Страница 73 из 88
Не то, что любовь к ребенку.
Во время моей первой попытки упорно воздерживаться от геры в Лос-Анджелесе, день для меня вертелся вокруг сходить-не-сходить к дочке домой и возвращению обратно, так и не сходив. Я не хотел продолжать колоться, но остановиться не мог.
Выйдя шатающейся пьяной походкой из самолета до Лос-Анджелеса, я вынес решение: новый город, новая жизнь. Я начинал убиваться в самолете (но не больше пяти-шести раз… Сколько коктейлей получится употребить за полуторачасовой перелет?) Не в смысле, я был алкашом или что-то в этом роде. Спирт нужен для протирки игл.

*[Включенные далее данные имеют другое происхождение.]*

(* Let $k\geq 2$ and let $G$ be a graph of order $n\geq 11k-4$ that does not contain $k\cdot P_3$ as a subgraph. Then $\lambda_n(G)\geq -\sqrt{(k-1)(n-k+1)}$, with equality if and only if $G=K_{k-1,n-k+1}$.
   Context: Graphs are finite and simple; $\lambda_n(G)$ denotes the least eigenvalue of the adjacency matrix of $G$. $P_3$ is the path on 3 vertices and $k\cdot P_3$ is the disjoint union of $k$ copies of $P_3$. $K_{a,b}$ is the complete bipartite graph with parts of sizes $a$ and $b$. *)

From HB Require Import structures.
From mathcomp Require Import all_boot all_order all_algebra.
From mathcomp Require Import polyrcf.
Set Implicit Arguments. Unset Strict Implicit. Unset Printing Implicit Defensive.
Import Order.TTheory GRing.Theory Num.Theory.
Local Open Scope ring_scope.

Definition simple_graph (n : nat) (e : rel 'I_n) : Prop :=
  symmetric e /\ irreflexive e.

Definition adjmx (R : nzRingType) (n : nat) (e : rel 'I_n) : 'M[R]_n :=
  \matrix_(i, j) (e i j)%:R.

(* Least eigenvalue: the smallest real root of the characteristic polynomial
   (rootsR lists the roots in increasing order). For a real symmetric matrix
   all eigenvalues are real, so this is lambda_n. *)
Definition least_eigenvalue (R : rcfType) (n : nat) (A : 'M[R]_n) : R :=
  head 0 (rootsR (char_poly A)).

(* G contains k.P_3 as a (not necessarily induced) subgraph: an injective map of
   the vertices of k disjoint copies of P_3 (copy i has path (i,0)-(i,1)-(i,2))
   preserving edges. *)
Definition contains_kP3 (n k : nat) (e : rel 'I_n) : Prop :=
  exists f : 'I_k * 'I_3 -> 'I_n, injective f /\
    forall i : 'I_k,
      e (f (i, inord 0)) (f (i, inord 1)) /\ e (f (i, inord 1)) (f (i, inord 2)).

(* G is (isomorphic to) the complete bipartite graph K_{a, n-a}: some set S of
   a vertices such that x ~ y iff exactly one of x, y lies in S. *)
Definition is_complete_bipartite (n a : nat) (e : rel 'I_n) : Prop :=
  exists S : {set 'I_n}, #|S| = a /\
    forall x y, e x y = ((x \in S) != (y \in S)).

From HB Require Import structures.
From mathcomp Require Import all_boot all_order all_algebra.
From mathcomp Require Import polyrcf.
From mathcomp Require Import zify ring lra.
From Stdlib Require Import Classical.

(* Let x be an eigenvector for the least eigenvalue l, so that l |x|^2 is the sum of
   x_i x_j over ordered pairs of adjacent vertices.  Dropping the nonnegative terms only
   decreases this sum; the remaining terms come from the edges with x_i x_j < 0, which form
   a subgraph H of G, bipartite between {x > 0} and {x <= 0}.  By Cauchy-Schwarz and AM-GM
   the remaining sum is at least -sqrt(e(H)) |x|^2, and H contains no k.P3 since G does
   not.  So it suffices that a k.P3-free bipartite graph on n >= 11k - 4 vertices has at
   most (k-1)(n-k+1) edges.  This goes by induction on k: a vertex of degree >= 2k + 2 can
   be deleted, because in a triangle-free graph each path of a packing has at most two
   vertices adjacent to it; if all degrees are at most 2k + 1, one counts the edges around
   a maximal packing of paths.  In the equality case all the inequalities are tight: H is
   complete between {x > 0} and {x < 0}, the edge count forces these parts to have sizes
   k - 1 and n - k + 1, and G = H.  Conversely K_{k-1,n-k+1} has the eigenvector equal to
   sqrt(n-k+1) on one part and to -sqrt(k-1) on the other. *)

Set Implicit Arguments. Unset Strict Implicit. Unset Printing Implicit Defensive.
Import Order.TTheory GRing.Theory Num.Theory.

Lemma double_sum_cut (V : nmodType) n (P : {set 'I_n}) (F : 'I_n -> 'I_n -> V) :
  (forall i j, F i j = F j i) -> (forall i j, (i \in P) = (j \in P) -> F i j = 0%R) ->
  (\sum_i \sum_j F i j = (\sum_(i in P) \sum_j F i j) *+ 2)%R.
Proof.
move=> Fsym F0.
have Fout i : i \notin P -> (\sum_j F i j = \sum_(j in P) F i j)%R.
  move=> iP; rewrite [LHS](bigID (mem P)) /= [X in (_ + X)%R]big1 ?addr0 // => j jP.
  by apply: F0; rewrite (negPf iP) (negPf jP).
rewrite (bigID (mem P)) /= mulr2n; congr (_ + _)%R.
rewrite (eq_bigr _ Fout) exchange_big /=; apply: eq_bigr => i iP.
rewrite [RHS](bigID (mem P)) /= [X in (X + _)%R]big1 ?add0r => [|j jP].
  by apply: eq_bigr => j _; rewrite Fsym.
by apply: F0; rewrite iP jP.
Qed.

(** * Packings of paths on three vertices *)

Section Packings.
Variable n : nat.
Implicit Types (h e : rel 'I_n) (A B P U W : {set 'I_n}).

(* [contains_kP3 t h] unfolds to [exists f, P3_packing h f]. *)
Definition P3_packing t h (f : 'I_t * 'I_3 -> 'I_n) : Prop :=
  injective f /\
  forall i, h (f (i, inord 0)) (f (i, inord 1)) /\ h (f (i, inord 1)) (f (i, inord 2)).

Lemma P3_packing_subrel h e t (f : 'I_t * 'I_3 -> 'I_n) :
  subrel h e -> P3_packing h f -> P3_packing e f.
Proof. by move=> he [fi fp]; split=> // i; have [? ?] := fp i; split; apply: he. Qed.

Lemma contains_kP3_subrel h e t : subrel h e -> contains_kP3 t h -> contains_kP3 t e.
Proof. by move=> he [f pf]; exists f; apply: P3_packing_subrel pf. Qed.

Lemma contains_kP30 h : contains_kP3 0 h.
Proof. by exists (fun p => widen_ord (leq0n n) p.1); split=> [[[]]|[]]. Qed.

Lemma maximal_P3_packing h k : ~ contains_kP3 k h ->
  exists t, [/\ t < k, contains_kP3 t h & ~ contains_kP3 t.+1 h].
Proof.
elim: k => [|k IH] nk; first by case: nk; apply: contains_kP30.
have [ck|nck] := classic (contains_kP3 k h); first by exists k.
by have [t [tk ct nct]] := IH nck; exists t; split=> //; apply: leqW.
Qed.

Lemma ord3_cases (j : 'I_3) : [\/ j = inord 0, j = inord 1 | j = inord 2].
Proof.
case: j => [[|[|[|m]]] lt3] //; [constructor 1 | constructor 2 | constructor 3];
  by apply: val_inj; rewrite /= inordK.
Qed.

Lemma P3_packing_neighbor h t (f : 'I_t * 'I_3 -> 'I_n) p :
  P3_packing h f -> exists w, h (f p) w || h w (f p).
Proof.
case: p => i j [_ /(_ i) [h01 h12]].
case: (ord3_cases j) => ->;
  [exists (f (i, inord 1)) | exists (f (i, inord 2)) | exists (f (i, inord 1))];
  by rewrite ?h01 ?h12 ?orbT.
Qed.

Lemma P3_packing_extend h t (f : 'I_t * 'I_3 -> 'I_n) a b c :
  P3_packing h f -> uniq [:: a; b; c] -> (forall p, f p \notin [:: a; b; c]) ->
  h a b -> h b c ->
  exists2 g : 'I_t.+1 * 'I_3 -> 'I_n, P3_packing h g &
    forall q, (g q \in [:: a; b; c]) || (g q \in f @: setT).
Proof.
move=> [fi fp] uabc fabc hab hbc.
pose g (q : 'I_t.+1 * 'I_3) : 'I_n :=
  if unlift ord_max q.1 is Some i then f (i, q.2) else nth a [:: a; b; c] q.2.
have mem_abc (j : 'I_3) : nth a [:: a; b; c] j \in [:: a; b; c] by apply: mem_nth.
exists g; last first.
  by move=> [i j]; rewrite /g /=; case: unliftP => [i'|] _; rewrite ?imset_f ?orbT ?mem_abc.
split=> [[i1 j1] [i2 j2]|i]; rewrite /g /=; last first.
  by case: unliftP => [i'|] _; [apply: fp | rewrite /= !inordK].
case: unliftP => [i1'|] ->; case: unliftP => [i2'|] -> //.
- by move/fi => [-> ->].
- by move=> e1; have := fabc (i1', j1); rewrite e1 mem_abc.
- by move=> e2; have := fabc (i2', j2); rewrite -e2 mem_abc.
- by move/eqP; rewrite nth_uniq // => /eqP/val_inj ->.
Qed.

Lemma contains_kP3S_cherry h t (f : 'I_t * 'I_3 -> 'I_n) v w1 w2 :
  symmetric h -> irreflexive h -> P3_packing h f ->
  {subset [:: w1; v; w2] <= [predC f @: setT]} -> w1 != w2 -> h v w1 -> h v w2 ->
  contains_kP3 t.+1 h.
Proof.
move=> hs hi pf out w12 hw1 hw2.
have hv (w : 'I_n) : h v w -> v != w by apply: contraTneq => <-; rewrite hi.
have uniq3 : uniq [:: w1; v; w2].
  by rewrite /= !inE negb_or w12 (hv _ hw2) eq_sym (hv _ hw1).
have fout p : f p \notin [:: w1; v; w2].
  by apply/negP => /out; rewrite inE imset_f.
have hw1v : h w1 v by rewrite hs.
have [g pg _] := P3_packing_extend pf uniq3 fout hw1v hw2.
by exists g.
Qed.

Definition deg h v : nat := \sum_w (h v w : nat).
(* The number of edges of [h] when [bipartition h P] holds. *)
Definition bip_edges h P : nat := \sum_(i in P) deg h i.
Definition bipartition h P : Prop := forall i j, h i j -> (i \in P) != (j \in P).
Definition supported_on h U : Prop := forall i j, h i j -> (i \in U) && (j \in U).
Definition del_vertex h v : rel 'I_n := [rel i j | [&& i != v, j != v & h i j]].

Lemma degE h v : deg h v = #|[set w | h v w]|.
Proof. by rewrite -sum1dep_card big_mkcond; apply: eq_bigr => w _; case: (h v w). Qed.

Lemma bipartition_irr h P : bipartition h P -> irreflexive h.
Proof. by move=> hP i; apply/negP => /hP; rewrite eqxx. Qed.

Lemma bipartitionC h P : bipartition h P -> bipartition h (~: P).
Proof. by move=> hP i j /hP; rewrite !inE; case: (i \in P); case: (j \in P). Qed.

Lemma bipartition_subrel h e P : subrel h e -> bipartition e P -> bipartition h P.
Proof. by move=> he eP i j /he /eP. Qed.

Lemma del_vertex_subrel h v : subrel (del_vertex h v) h.
Proof. by move=> i j /and3P[]. Qed.

Lemma del_vertex_sym h v : symmetric h -> symmetric (del_vertex h v).
Proof. by move=> hs i j; rewrite /del_vertex /= hs andbCA. Qed.

Lemma handshake h P : symmetric h -> bipartition h P ->
  \sum_i deg h i = 2 * bip_edges h P.
Proof.
move=> hs hP; rewrite (double_sum_cut (P := P) (F := fun i j => (h i j : nat))).
- by rewrite -mulr_natl.
- by move=> i j; rewrite hs.
- by move=> i j ij; case hij: (h i j) => //; move: (hP _ _ hij); rewrite ij eqxx.
Qed.

Lemma bip_edgesC h P : symmetric h -> bipartition h P ->
  bip_edges h P = bip_edges h (~: P).
Proof.
move=> hs hP; apply/eqP.
by rewrite -(@eqn_pmul2l 2) // -!handshake //; apply: bipartitionC.
Qed.

Lemma bip_edges_del_vertex h P v : symmetric h -> bipartition h P ->
  bip_edges h P = bip_edges (del_vertex h v) P + deg h v.
Proof.
move=> hs; wlog vP : P / v \in P => [W|hP].
  have [|vP] := boolP (v \in P); first exact: W.
  move=> hP; have hvP := bipartition_subrel (@del_vertex_subrel h v) hP.
  rewrite (bip_edgesC hs hP) (bip_edgesC (del_vertex_sym v hs) hvP).
  apply: W (bipartitionC hP).
  by rewrite inE.
rewrite /bip_edges (bigD1 v) //= [in RHS](bigD1 v) //=.
have -> : deg (del_vertex h v) v = 0.
  by rewrite /deg big1 // => w _; rewrite /del_vertex /= eqxx.
rewrite add0n addnC; congr (_ + _).
apply: eq_bigr => i /andP[iP iv]; apply: eq_bigr => w _; rewrite /del_vertex /= iv /=.
have [-> | //] := eqVneq w v.
by case hiv: (h i v) => //; move: (hP _ _ hiv); rewrite iP vP.
Qed.

Lemma deg_le_side h U P i : supported_on h U -> bipartition h P ->
  (deg h i <= if i \in P then #|U :\: P| else #|U :&: P|).
Proof.
move=> hU hP; rewrite degE; case: ifP => iP; apply/subset_leq_card/subsetP => j;
  rewrite inE => hij; have /andP[_ jU] := hU _ _ hij; have := hP _ _ hij;
  by rewrite iP !inE jU; case: (j \in P).
Qed.

Lemma bip_edges_le h P W D : (forall i j, h i j -> i \in W) ->
  {in P, forall i, deg h i <= D} -> bip_edges h P <= #|W :&: P| * D.
Proof.
move=> hW hD; rewrite -sum_nat_const /bip_edges (bigID (mem W)) /=.
rewrite [X in (_ + X)]big1 => [|i /andP[_ iW]]; last first.
  by rewrite /deg big1 // => j _; case hij: (h i j); rewrite // (hW _ _ hij) in iW.
rewrite addn0 (eq_bigl (fun i => i \in W :&: P)) => [|i]; last by rewrite !inE andbC.
by apply: leq_sum => i; rewrite inE => /andP[_ /hD].
Qed.

Lemma bip_edges_le_sides h U P : supported_on h U -> bipartition h P ->
  bip_edges h P <= #|U :&: P| * #|U :\: P|.
Proof.
move=> hU hP; apply: bip_edges_le => [i j /hU /andP[] //|i iP].
by have := deg_le_side i hU hP; rewrite iP.
Qed.

Lemma maximal_P3_packing_outside_deg h t (f : 'I_t * 'I_3 -> 'I_n) v :
  symmetric h -> irreflexive h -> P3_packing h f -> ~ contains_kP3 t.+1 h ->
  v \notin f @: setT -> \sum_(w | w \notin f @: setT) (h v w : nat) <= 1.
Proof.
move=> hs hi pf nt vF.
rewrite (eq_bigr (fun w => if h v w then 1 else 0)) => [|w _]; last by case: (h v w).
rewrite -big_mkcondr sum1dep_card; apply/card_le1_eqP => w1 w2.
rewrite !inE => /andP[w1F hw1] /andP[w2F hw2].
have [// | w12] := eqVneq w1 w2; case: nt.
by apply: (contains_kP3S_cherry hs hi pf _ w12 hw1 hw2) => w; rewrite !inE => /or3P[]/eqP->.
Qed.

Lemma P3free_deg_le1 h v :
  symmetric h -> irreflexive h -> ~ contains_kP3 1 h -> deg h v <= 1.
Proof.
move=> hs hi nc; have [f pf] := contains_kP30 h.
have noF w : w \notin f @: setT by apply/imsetP => [[[[m lt] j] _ _]].
by rewrite /deg -(eq_bigl _ _ noF); apply: maximal_P3_packing_outside_deg (noF v).
Qed.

— Не насилуй себя, — посоветовала Китти, когда я позвонил ей из автомата и признался. Уверен, она удивилась, когда я позвонил ей на работу за ее счет, но что я мог сделать? Это сильная сторона наркота: опутать тугими узлами тех, кого любишь, чтобы у них была возможность вытаскивать твою жопу из неприятностей. И при этом ныть: «Я сам себе противен, но что я могу сделать?».
— Правда? — спросил я после того, как она вывалила на меня первую порцию сочувствия.

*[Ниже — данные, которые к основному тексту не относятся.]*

Record hilbert_space : Prop := {
  ip_linear : forall (a : C) (x y z : H), ip (a *: x + y) z = a * ip x z + ip y z;
  ip_conj : forall x y : H, ip y x = conjc (ip x y);
  ip_pos : forall x : H, 0 <= ip x x;
  ip_def : forall x : H, ip x x = 0 -> x = 0;
  ip_complete : forall u : nat -> H,
    (forall e : R, 0 < e -> exists N, forall k l, (N <= k)%N -> (N <= l)%N ->
        hnorm (u k - u l) < e) ->
    exists x : H, forall e : R, 0 < e -> exists N, forall k, (N <= k)%N ->
        hnorm (u k - x) < e }.

Definition op_norm_le (A : H -> H) (s : R) : Prop :=
  forall x : H, hnorm (A x) <= s * hnorm x.

Definition contraction (A : H -> H) : Prop := op_norm_le A 1.

Definition commuting (n : nat) (T : 'I_n -> H -> H) : Prop :=
  forall i j (x : H), T i (T j x) = T j (T i x).
(* Let $X,Y$ be mm-spaces and $p\in[1,+\infty]$. Then for every $\kappa\in(0,1)$ and $\kappa'\in(0,1/2)$, $$\mathrm{OD}(X\times_p Y;-(\kappa+\kappa'))\le\mathrm{OD}(X;-\kappa)+2\,\mathrm{OD}(Y;-\kappa').$$
   Context: An mm-space is a triple $(X,d_X,m_X)$ with $(X,d_X)$ complete separable metric space and $m_X$ a Borel probability measure. For $p<\infty$, $F_p(s,t)=(s^p+t^p)^{1/p}$, $F_\infty(s,t)=\max\{s,t\}$; $X\times_pY:=(X\times Y,d_{F_p},m_X\otimes m_Y)$ with $d_{F_p}((x,y),(x',y'))=F_p(d_X(x,x'),d_Y(y,y'))$. Partial diameter: $\mathrm{PD}(X;\alpha)$ = infimum of $\operatorname{diam}A$ over Borel $A$ with $m_X(A)\ge\alpha$. Observable diameter: $\mathrm{OD}(X;-\kappa):=\sup_f\mathrm{PD}((\mathbb R,|\cdot|,f_*m_X);1-\kappa)$ over 1-Lipschitz $f\colon X\to\mathbb R$. *)

From HB Require Import structures.
From mathcomp Require Import all_boot all_order all_algebra.
From mathcomp Require Import all_classical all_reals all_analysis.
Set Implicit Arguments. Unset Strict Implicit. Unset Printing Implicit Defensive.
Import Order.TTheory GRing.Theory Num.Theory.
Local Open Scope classical_set_scope.
Local Open Scope ring_scope.

Section MM.
Variable R : realType.
(* Let $f\in\mathbb{Z}[x]$ and $n\in\mathbb{Z}_{\geq1}$, and suppose that $f^n(x)-x$ is a nonzero polynomial with no repeated roots. Then for every $j\in\mathbb{Z}_{\geq0}$ and all but finitely many primes $p$: the dynamical system $(\mathbb{F}_p,[f]_p)$ has precisely $j$ cycles of length $n$ if and only if $[\Phi_{f,n}]_p$ has precisely $jn$ roots in $\mathbb{F}_p$.
   Context: For $f\in\mathbb{Z}[x]$ and a prime $p$, $[f]_p\in\mathbb{F}_p[x]$ is the reduction of $f$ mod $p$ (similarly for polynomials with $p$-integral rational coefficients, which holds for all but finitely many $p$). $f^n$ denotes the $n$-fold composite. For a map $g:S\to S$, a point $s$ has period $n$ if $n$ is the least positive integer with $g^n(s)=s$, and an $n$-cycle is the orbit $\{g^i(s):i\ge0\}$ of a point of period $n$. The $n$th dynatomic polynomial is $\Phi_{f,n}(x)=\prod_{d\mid n}(f^d(x)-x)^{\mu(n/d)}$ ($\mu$ the Möbius function); it is a polynomial in $\mathbb{Q}[x]$. *)

From HB Require Import structures.
From mathcomp Require Import all_boot all_order all_algebra all_field.
Set Implicit Arguments. Unset Strict Implicit. Unset Printing Implicit Defensive.
Import Order.TTheory GRing.Theory Num.Theory.
Local Open Scope ring_scope.

Definition moebius (n : nat) : int :=
  if all (fun q => logn q n == 1%N) (primes n) then (-1) ^+ size (primes n) else 0.

Definition iterp (R : nzRingType) (n : nat) (f : {poly R}) : {poly R} :=
  iter n (fun q => f \Po q) 'X.

(* n-th dynatomic polynomial prod_{d|n} (f^d - X)^{mu(n/d)}, computed as the
   (exact) quotient of the factors with exponent +1 by those with exponent -1. *)
Definition dynatomic (F : fieldType) (f : {poly F}) (n : nat) : {poly F} :=
  (\prod_(d <- divisors n | moebius (n %/ d) == 1) (iterp d f - 'X)) %/
  (\prod_(d <- divisors n | moebius (n %/ d) == -1) (iterp d f - 'X)).

(* reduction mod p of a rational number (meaningful when p does not divide
   the denominator) and of polynomials *)
Definition ratmodp (p : nat) (q : rat) : 'F_p :=
  (numq q)%:~R / (denq q)%:~R.
Definition redq (p : nat) (P : {poly rat}) : {poly 'F_p} := map_poly (ratmodp p) P.
Definition redz (p : nat) (P : {poly int}) : {poly 'F_p} := map_poly intr P.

— Конечно, — ответила она, — не стоит себя насиловать. Я помогу тебе, козел ебаный… У тебя были два месяца и ты их отправил коту под хвост… Где ты сейчас?
Я слышал, как босс ворчит, чтобы она слезала с телефона. Его бесили личные разговоры. Она работала в автосервисе, однако начальник прослужил семь лет во флоте и управлял мастерской, как подводной лодкой. Будто даже если ты разговариваешь шепотом, враг тебя заметит и грохнет глубоководным снарядом.

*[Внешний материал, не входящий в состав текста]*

Lemma valid_bad_node_bad_pred a i : node_valid F n w L a i -> bad_node a i ->
  exists j, [/\ j < i, bad_node a j & j \in queried_blocks a i].
Proof.
case/and3P=> _ _ + bad; rewrite /queried_blocks; have wi := width_node_clause a i.
case: ifP => _.
  case/hasP=> A hA /andP [_ hAC]; case: bad.
  exact: subsumed_axiom hA (leq_trans (width_subclause hAC) wi) hAC.
case: ifP => _ => [/and4P [hj hk _ hr]|/andP [hj hs]]; last first.
  exists (Defs.pred1 n w L a i); rewrite /= hj !inE eqxx orbT; split => // good.
  exact/bad/(subsumed_weaken good hs).
case: (classic (bad_node a (Defs.pred1 n w L a i))) => [b1|/NNPP g1].
  by exists (Defs.pred1 n w L a i); rewrite /= hj hk !inE eqxx orbT.
case: (classic (bad_node a (Defs.pred2 n w L a i))) => [b2|/NNPP g2].
  by exists (Defs.pred2 n w L a i); rewrite /= hj hk !inE eqxx !orbT.
by case: bad; apply: subsumed_resolvent g1 g2 hr wi.
Qed.

Hypothesis no_narrow_refutation : ~ has_refutation_of_width (cnf_axioms F) w.
Variable W : nat.
Hypothesis block_width : 4 * bs <= W.

Local Notation derivable_wLB := (derivable (wLB_axiom F n w L) W).

Lemma path_clause_derivable a i : i < L -> ~~ node_valid F n w L a i ->
  derivable_wLB (path_clause n w L a i).
Proof.
move=> hi hv; apply: derivable_axiom; first by exists i, a.
apply: leq_trans (width_le_size _) _; rewrite size_map.
by apply: leq_trans (size_queried_vars a i) _; lia.
Qed.

Lemma neg_block_derivable i a : i < L -> bad_node a i \/ i = L.-1 ->
  exists2 C, derivable_wLB C & subclause C (neg_assign a (block i)).
Proof.
elim/ltn_ind: i a => i IH a hiL hbad.
apply: (derivable_decision_tree (X := queried_vars a i)) => [|b].
  by rewrite size_map size_iota; have := size_queried_vars a i; lia.
(* [a'] reads block [i] as [a] does, hence follows the same branch, and the
   leaf's values [b] elsewhere. *)
pose a' := override a b (block i).
have agree : {in block i, a =1 a'} by move=> p hp; rewrite /a' /override hp.
suff [C dC hC] : exists2 C, derivable_wLB C & subclause C (neg_assign a' (queried_vars a' i)).
  exists C => //; apply: subclause_trans hC _.
  by rewrite -(queried_vars_eq_in agree); apply: neg_assign_override.
have [valid|invalid] := boolP (node_valid F n w L a' i); last first.
  by exists (path_clause n w L a' i); [apply: path_clause_derivable | apply: subclause_refl].
have bad : bad_node a' i.
  case: hbad => [|last]; first by rewrite /bad_node -(node_clause_eq_in agree).
  move: (valid); rewrite /node_valid last eqxx => /and3P [_ /eqP nil _].
  by rewrite /bad_node nil => /subsumed_nil_refutation.
have [j [ji bad_j qj]] := valid_bad_node_bad_pred valid bad.
have [C dC hC] := IH j ji a' (ltn_trans ji hiL) (or_introl bad_j).
by exists C => //; apply: subclause_trans hC (neg_assign_subset _ (block_sub_queried_vars qj)).
Qed.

— По-моему, я в аэропорту…
— По-твоему? Ты что, не уверен? — негодование просто сочилось из трубки.
— Да ладно, уверен. В аэропорту.
— Ты находишься в Калифорнии, да? Ты не станешь устраивать мне сюрпризы и слать открытки из Милуоки?
— Успокойся, Китти.
— Успокоишься тут, блин. Бери, блядь, такси. Контроль не проходи. Не тормози и купи пакетик героина. Сразу отправляйся к Митчу. Распакуй чемоданы и оставайся там.
Что я и сделал. Я остановился у режиссера Митчелла. Я не употреблял. Не крал лекарства его жены. Хотя, как ни странно, те же пузырьки с пилюлями стояли на том же месте. Удивительно! Люди хранят наркотики и не используют их. Не едят безумными ночами перкодан упаковками, чтоб потом сказать своему доктору по мозгам, что все слопала собака или они упали в толчок, и потребовать новый рецепт от этих мерзких спазмов в затылке — или прочих болячек, из-за которых вам выписали рецепт на эту гадость.
Мне удалось достаточно долго не торчать и более-менее прийти в себя. И что самое главное, встречаться с дочкой. Последнее, по причинам географического характера, стало для меня ответственным ежедневным испытанием прочности моего решения завязать окончательно. Не поддавать искушению снова начать бахаться.
Главным искусителем был мой старый кореш Таунер. Человек из фольги с дегтем. Юный Тауни, упорно таскавший хип-хоповый прикид, продолжал обитать вблизи моей автобусной остановки. То есть всякий раз, как я отправлялся навестить Нину, мне приходилось сопротивляться жгучему желанию заглянуть к нему и утолить свою неутихающую жажду. У меня не было ни копья денег, на автобус я занимал, жил у кого-то в свободной комнате и ощущал себя абсолютно не у дел. Если мне когда-то было нужно удалиться от мира, если я когда-то чувствовал, что заслужил это, я думал, я заслужил его теперь.
До дочки мне удавалось добраться, не поддавшись соблазну, однако же по дороге домой опять приходилось изо всех сил сопротивляться позывам взять.
Вся моя жизнь — это история попыток не торчать. Каждую секунду, если я не спал, я старался что-нибудь не делать. Если бы мне довелось заполнять анкету, в графе «род занятий» я бы написал «НЕ-НАРКОМАН».
Самое страшное в завязке то, что тебе приходится быть максимально сильным, когда ты как никогда слаб. Нервы ни к черту, спать не получается, голова не перестает гудеть, в кармане по нулям, от непонятной комбинации паранойи, детоксикации и безжалостного в своей неприкрытости прессинга пот хлещет градом и на каждом углу тянет блевать, однако нельзя ни на секунду не расслабляться. Выбора нет.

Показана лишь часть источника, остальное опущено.